■ **TASK STATEMENT**
Word for word, repeat each entry that follows.

*** Opening RECORDS TO USE ***

(* Let $C$ be a finite cyclic group of even order. Then there exist permutations $\alpha$ and $\beta$ of $C$ such that $c\,\alpha(c)=\beta(c)$ for all $c\in C$ with $c\neq1$, and moreover $\beta(1)=1$ and $\alpha(1)\neq1$. *)

From mathcomp Require Import all_boot all_fingroup all_solvable.
Set Implicit Arguments. Unset Strict Implicit. Unset Printing Implicit Defensive.

(* Write C = <[g]> with #[g] = 2m and work with exponents modulo 2m.  Take
   alpha(0) = m, alpha(k) = k for 0 < k < m and alpha(k) = k + 1 for k >= m
   (so alpha(2m - 1) = 0).  Then k + alpha(k) is 2k on (0, m), 2k + 1 - 2m on
   [m, 2m - 1) and 2m - 1 at k = 2m - 1: the nonzero even residues, the odd
   residues below 2m - 1, and 2m - 1, each hit exactly once.  Hence
   beta(k) = k + alpha(k) for k <> 0, with beta(0) = 0, is a permutation. *)

From mathcomp Require Import all_boot all_fingroup all_solvable.
From mathcomp Require Import zify.

Definition alpha_exp (m k : nat) : nat :=
  if k == 0 then m else if k < m then k
  else if k < (2 * m).-1 then k.+1 else 0.

Definition beta_exp (m k : nat) : nat :=
  if k == 0 then 0 else if k < m then 2 * k
  else if k < (2 * m).-1 then 2 * k + 1 - 2 * m else (2 * m).-1.

Section ExponentMaps.

Variable m : nat.

Lemma alpha_exp_lt : {homo alpha_exp m : k / k < 2 * m}.
Proof. by move=> k; rewrite /alpha_exp; repeat case: ifP; lia. Qed.

Lemma beta_exp_lt : {homo beta_exp m : k / k < 2 * m}.
Proof. by move=> k; rewrite /beta_exp; repeat case: ifP; lia. Qed.

Lemma alpha_exp_inj : {in gtn (2 * m) &, injective (alpha_exp m)}.
Proof. by move=> i j; rewrite /alpha_exp !inE; repeat case: ifP; lia. Qed.

Lemma beta_exp_inj : {in gtn (2 * m) &, injective (beta_exp m)}.
Proof. by move=> i j; rewrite /beta_exp !inE; repeat case: ifP; lia. Qed.

Lemma add_alpha_exp k : 0 < k < 2 * m ->
  k + alpha_exp m k = beta_exp m k %[mod 2 * m].
Proof.
rewrite /alpha_exp /beta_exp => k_range; case: ifP => [|_]; first lia.
case: ifP => [k_lt_m|k_ge_m]; first by congr (_ %% _); lia.
case: ifP => [k_lt|k_ge]; last by congr (_ %% _); lia.
have -> : k + k.+1 = (2 * k + 1 - 2 * m) + 2 * m by lia.
by rewrite modnDr.
Qed.

End ExponentMaps.

Local Open Scope group_scope.

Lemma perm_of_exponent_map (gT : finGroupType) (g : gT) (f : nat -> nat) :
    [set: gT] = <[g]> -> {homo f : i / i < #[g]} ->
    {in gtn #[g] &, injective f} ->
  exists s : {perm gT}, forall i, i < #[g] -> s (g ^+ i) = g ^+ f i.
Proof.
move=> gen_g f_lt f_inj.
have logP (x : gT) : {i | i < #[g] & x = g ^+ i}.
  by apply: cyclePmin; rewrite -gen_g inE.
pose log x := s2val (logP x).
have log_lt x : log x < #[g] by rewrite /log; case: (logP x).
have expg_log x : g ^+ log x = x by rewrite /log; case: (logP x).
have expg_inj : {in gtn #[g] &, injective (fun i => g ^+ i)}.
  by move=> i j i_lt j_lt /eqP; rewrite eq_expg_mod_order !modn_small // => /eqP.
have log_expg i : i < #[g] -> log (g ^+ i) = i.
  by move=> i_lt; apply: expg_inj; rewrite ?inE ?expg_log.
have s_inj : injective (fun x => g ^+ f (log x)).
  move=> x y /expg_inj fxy; rewrite -[x]expg_log -[y]expg_log.
  by rewrite (f_inj _ _ (log_lt x) (log_lt y)) // fxy // inE f_lt.
by exists (perm s_inj) => i i_lt; rewrite permE /= log_expg.
Qed.

Theorem lemma4p6 (gT : finGroupType)
  (Hcyc : cyclic [set: gT]) (Heven : ~~ odd #|gT|) :
  exists alpha beta : {perm gT},
    [/\ (forall c : gT, c != 1 -> c * alpha c = beta c),
        beta 1 = 1 & alpha 1 != 1].
Proof.
have [g gen_g] := cyclicP Hcyc.
have order_g : #[g] = (2 * #[g]./2)%N.
  have card_g : #[g] = #|gT| by rewrite /order -gen_g cardsT.
  by have := odd_double_half #[g]; rewrite {1}card_g (negbTE Heven); lia.
set m := #[g]./2 in order_g.
have exp_perm f := @perm_of_exponent_map gT g f gen_g; rewrite order_g in exp_perm.
have [alpha alphaE] := exp_perm _ (alpha_exp_lt m) (@alpha_exp_inj m).
have [beta betaE] := exp_perm _ (beta_exp_lt m) (@beta_exp_inj m).
have n_gt0 : (0 < 2 * m)%N by rewrite -order_g order_gt0.
exists alpha, beta; split.
- move=> c c_neq1; have /cyclePmin[k k_lt c_def] : c \in <[g]> by rewrite -gen_g inE.
  rewrite order_g in k_lt.
  have k_gt0 : (0 < k)%N by rewrite lt0n; apply: contraNneq c_neq1 => k0; rewrite c_def k0.
  rewrite c_def alphaE // betaE // -expgD; apply/eqP.
  by rewrite eq_expg_mod_order order_g; apply/eqP/add_alpha_exp; rewrite k_gt0.
- by rewrite -(expg0 g) betaE.
- rewrite -(expg0 g) alphaE // -order_dvdn order_g /alpha_exp /=.
  by apply/negP => /dvdn_leq; lia.
Qed.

*** Closing RECORDS TO USE ***

■ **RESPONSE TO THE EXERCISE**
(* Let $C$ be a finite cyclic group of even order. Then there exist permutations $\alpha$ and $\beta$ of $C$ such that $c\,\alpha(c)=\beta(c)$ for all $c\in C$ with $c\neq1$, and moreover $\beta(1)=1$ and $\alpha(1)\neq1$. *)

From mathcomp Require Import all_boot all_fingroup all_solvable.
Set Implicit Arguments. Unset Strict Implicit. Unset Printing Implicit Defensive.

(* Write C = <[g]> with #[g] = 2m and work with exponents modulo 2m.  Take
   alpha(0) = m, alpha(k) = k for 0 < k < m and alpha(k) = k + 1 for k >= m
   (so alpha(2m - 1) = 0).  Then k + alpha(k) is 2k on (0, m), 2k + 1 - 2m on
   [m, 2m - 1) and 2m - 1 at k = 2m - 1: the nonzero even residues, the odd
   residues below 2m - 1, and 2m - 1, each hit exactly once.  Hence
   beta(k) = k + alpha(k) for k <> 0, with beta(0) = 0, is a permutation. *)

From mathcomp Require Import all_boot all_fingroup all_solvable.
From mathcomp Require Import zify.

Definition alpha_exp (m k : nat) : nat :=
  if k == 0 then m else if k < m then k
  else if k < (2 * m).-1 then k.+1 else 0.

Definition beta_exp (m k : nat) : nat :=
  if k == 0 then 0 else if k < m then 2 * k
  else if k < (2 * m).-1 then 2 * k + 1 - 2 * m else (2 * m).-1.

Section ExponentMaps.

Variable m : nat.

Lemma alpha_exp_lt : {homo alpha_exp m : k / k < 2 * m}.
Proof. by move=> k; rewrite /alpha_exp; repeat case: ifP; lia. Qed.

Lemma beta_exp_lt : {homo beta_exp m : k / k < 2 * m}.
Proof. by move=> k; rewrite /beta_exp; repeat case: ifP; lia. Qed.

Lemma alpha_exp_inj : {in gtn (2 * m) &, injective (alpha_exp m)}.
Proof. by move=> i j; rewrite /alpha_exp !inE; repeat case: ifP; lia. Qed.

Lemma beta_exp_inj : {in gtn (2 * m) &, injective (beta_exp m)}.
Proof. by move=> i j; rewrite /beta_exp !inE; repeat case: ifP; lia. Qed.

Lemma add_alpha_exp k : 0 < k < 2 * m ->
  k + alpha_exp m k = beta_exp m k %[mod 2 * m].
Proof.
rewrite /alpha_exp /beta_exp => k_range; case: ifP => [|_]; first lia.
case: ifP => [k_lt_m|k_ge_m]; first by congr (_ %% _); lia.
case: ifP => [k_lt|k_ge]; last by congr (_ %% _); lia.
have -> : k + k.+1 = (2 * k + 1 - 2 * m) + 2 * m by lia.
by rewrite modnDr.
Qed.

End ExponentMaps.

Local Open Scope group_scope.

Lemma perm_of_exponent_map (gT : finGroupType) (g : gT) (f : nat -> nat) :
    [set: gT] = <[g]> -> {homo f : i / i < #[g]} ->
    {in gtn #[g] &, injective f} ->
  exists s : {perm gT}, forall i, i < #[g] -> s (g ^+ i) = g ^+ f i.
Proof.
move=> gen_g f_lt f_inj.
have logP (x : gT) : {i | i < #[g] & x = g ^+ i}.
  by apply: cyclePmin; rewrite -gen_g inE.
pose log x := s2val (logP x).
have log_lt x : log x < #[g] by rewrite /log; case: (logP x).
have expg_log x : g ^+ log x = x by rewrite /log; case: (logP x).
have expg_inj : {in gtn #[g] &, injective (fun i => g ^+ i)}.
  by move=> i j i_lt j_lt /eqP; rewrite eq_expg_mod_order !modn_small // => /eqP.
have log_expg i : i < #[g] -> log (g ^+ i) = i.
  by move=> i_lt; apply: expg_inj; rewrite ?inE ?expg_log.
have s_inj : injective (fun x => g ^+ f (log x)).
  move=> x y /expg_inj fxy; rewrite -[x]expg_log -[y]expg_log.
  by rewrite (f_inj _ _ (log_lt x) (log_lt y)) // fxy // inE f_lt.
by exists (perm s_inj) => i i_lt; rewrite permE /= log_expg.
Qed.

Theorem lemma4p6 (gT : finGroupType)
  (Hcyc : cyclic [set: gT]) (Heven : ~~ odd #|gT|) :
  exists alpha beta : {perm gT},
    [/\ (forall c : gT, c != 1 -> c * alpha c = beta c),
        beta 1 = 1 & alpha 1 != 1].
Proof.
have [g gen_g] := cyclicP Hcyc.
have order_g : #[g] = (2 * #[g]./2)%N.
  have card_g : #[g] = #|gT| by rewrite /order -gen_g cardsT.
  by have := odd_double_half #[g]; rewrite {1}card_g (negbTE Heven); lia.
set m := #[g]./2 in order_g.
have exp_perm f := @perm_of_exponent_map gT g f gen_g; rewrite order_g in exp_perm.
have [alpha alphaE] := exp_perm _ (alpha_exp_lt m) (@alpha_exp_inj m).
have [beta betaE] := exp_perm _ (beta_exp_lt m) (@beta_exp_inj m).
have n_gt0 : (0 < 2 * m)%N by rewrite -order_g order_gt0.
exists alpha, beta; split.
- move=> c c_neq1; have /cyclePmin[k k_lt c_def] : c \in <[g]> by rewrite -gen_g inE.
  rewrite order_g in k_lt.
  have k_gt0 : (0 < k)%N by rewrite lt0n; apply: contraNneq c_neq1 => k0; rewrite c_def k0.
  rewrite c_def alphaE // betaE // -expgD; apply/eqP.
  by rewrite eq_expg_mod_order order_g; apply/eqP/add_alpha_exp; rewrite k_gt0.
- by rewrite -(expg0 g) betaE.
- rewrite -(expg0 g) alphaE // -order_dvdn order_g /alpha_exp /=.
  by apply/negP => /dvdn_leq; lia.
Qed.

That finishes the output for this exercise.